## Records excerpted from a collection
■ ■ ■ ■

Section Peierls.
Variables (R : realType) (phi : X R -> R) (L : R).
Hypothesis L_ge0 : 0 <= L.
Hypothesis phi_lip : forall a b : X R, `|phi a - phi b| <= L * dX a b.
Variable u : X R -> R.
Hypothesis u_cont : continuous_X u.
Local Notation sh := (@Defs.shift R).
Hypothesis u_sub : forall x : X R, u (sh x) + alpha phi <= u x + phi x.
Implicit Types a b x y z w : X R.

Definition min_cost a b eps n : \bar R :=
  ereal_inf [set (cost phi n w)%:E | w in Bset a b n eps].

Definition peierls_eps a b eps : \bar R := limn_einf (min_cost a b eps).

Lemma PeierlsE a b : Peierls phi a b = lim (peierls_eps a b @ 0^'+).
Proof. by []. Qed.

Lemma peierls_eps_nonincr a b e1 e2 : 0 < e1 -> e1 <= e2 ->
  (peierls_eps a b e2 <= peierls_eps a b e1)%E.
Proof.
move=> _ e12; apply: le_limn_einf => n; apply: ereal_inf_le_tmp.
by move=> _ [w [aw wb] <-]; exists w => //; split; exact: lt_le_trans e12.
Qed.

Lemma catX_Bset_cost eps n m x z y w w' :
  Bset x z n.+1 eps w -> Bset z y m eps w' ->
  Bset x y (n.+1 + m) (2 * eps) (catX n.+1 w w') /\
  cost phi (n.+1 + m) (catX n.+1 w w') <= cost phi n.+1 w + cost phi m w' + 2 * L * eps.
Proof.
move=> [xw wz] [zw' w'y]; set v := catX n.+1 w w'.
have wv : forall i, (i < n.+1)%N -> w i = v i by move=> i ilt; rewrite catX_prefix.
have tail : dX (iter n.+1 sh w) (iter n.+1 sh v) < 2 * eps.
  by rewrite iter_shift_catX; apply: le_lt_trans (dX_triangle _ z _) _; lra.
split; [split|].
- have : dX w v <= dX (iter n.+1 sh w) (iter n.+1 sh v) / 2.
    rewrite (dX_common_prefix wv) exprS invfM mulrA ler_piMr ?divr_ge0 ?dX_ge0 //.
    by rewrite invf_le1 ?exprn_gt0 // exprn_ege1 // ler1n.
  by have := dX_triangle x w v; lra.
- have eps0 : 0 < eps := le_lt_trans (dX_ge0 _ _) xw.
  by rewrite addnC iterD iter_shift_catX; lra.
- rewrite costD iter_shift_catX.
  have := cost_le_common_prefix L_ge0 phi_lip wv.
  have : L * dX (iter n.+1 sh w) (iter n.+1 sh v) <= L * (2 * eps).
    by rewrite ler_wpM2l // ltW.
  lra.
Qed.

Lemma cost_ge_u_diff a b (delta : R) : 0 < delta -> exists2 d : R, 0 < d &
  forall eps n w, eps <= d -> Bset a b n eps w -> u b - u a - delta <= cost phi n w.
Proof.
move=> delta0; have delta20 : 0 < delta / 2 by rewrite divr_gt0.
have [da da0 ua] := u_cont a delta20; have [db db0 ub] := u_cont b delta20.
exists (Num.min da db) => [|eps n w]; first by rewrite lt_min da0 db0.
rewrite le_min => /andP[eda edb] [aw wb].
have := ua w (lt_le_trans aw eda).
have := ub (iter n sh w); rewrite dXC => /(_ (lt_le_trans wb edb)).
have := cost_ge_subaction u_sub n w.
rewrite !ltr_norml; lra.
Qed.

■ ■ ■ ■

Please reproduce exactly the lines above, beginning with the first and ending with the line that contains "move=> _ e12;", and include nothing outside that range.

Section Peierls.
Variables (R : realType) (phi : X R -> R) (L : R).
Hypothesis L_ge0 : 0 <= L.
Hypothesis phi_lip : forall a b : X R, `|phi a - phi b| <= L * dX a b.
Variable u : X R -> R.
Hypothesis u_cont : continuous_X u.
Local Notation sh := (@Defs.shift R).
Hypothesis u_sub : forall x : X R, u (sh x) + alpha phi <= u x + phi x.
Implicit Types a b x y z w : X R.

Definition min_cost a b eps n : \bar R :=
  ereal_inf [set (cost phi n w)%:E | w in Bset a b n eps].

Definition peierls_eps a b eps : \bar R := limn_einf (min_cost a b eps).

Lemma PeierlsE a b : Peierls phi a b = lim (peierls_eps a b @ 0^'+).
Proof. by []. Qed.

Lemma peierls_eps_nonincr a b e1 e2 : 0 < e1 -> e1 <= e2 ->
  (peierls_eps a b e2 <= peierls_eps a b e1)%E.
Proof.
move=> _ e12; apply: le_limn_einf => n; apply: ereal_inf_le_tmp.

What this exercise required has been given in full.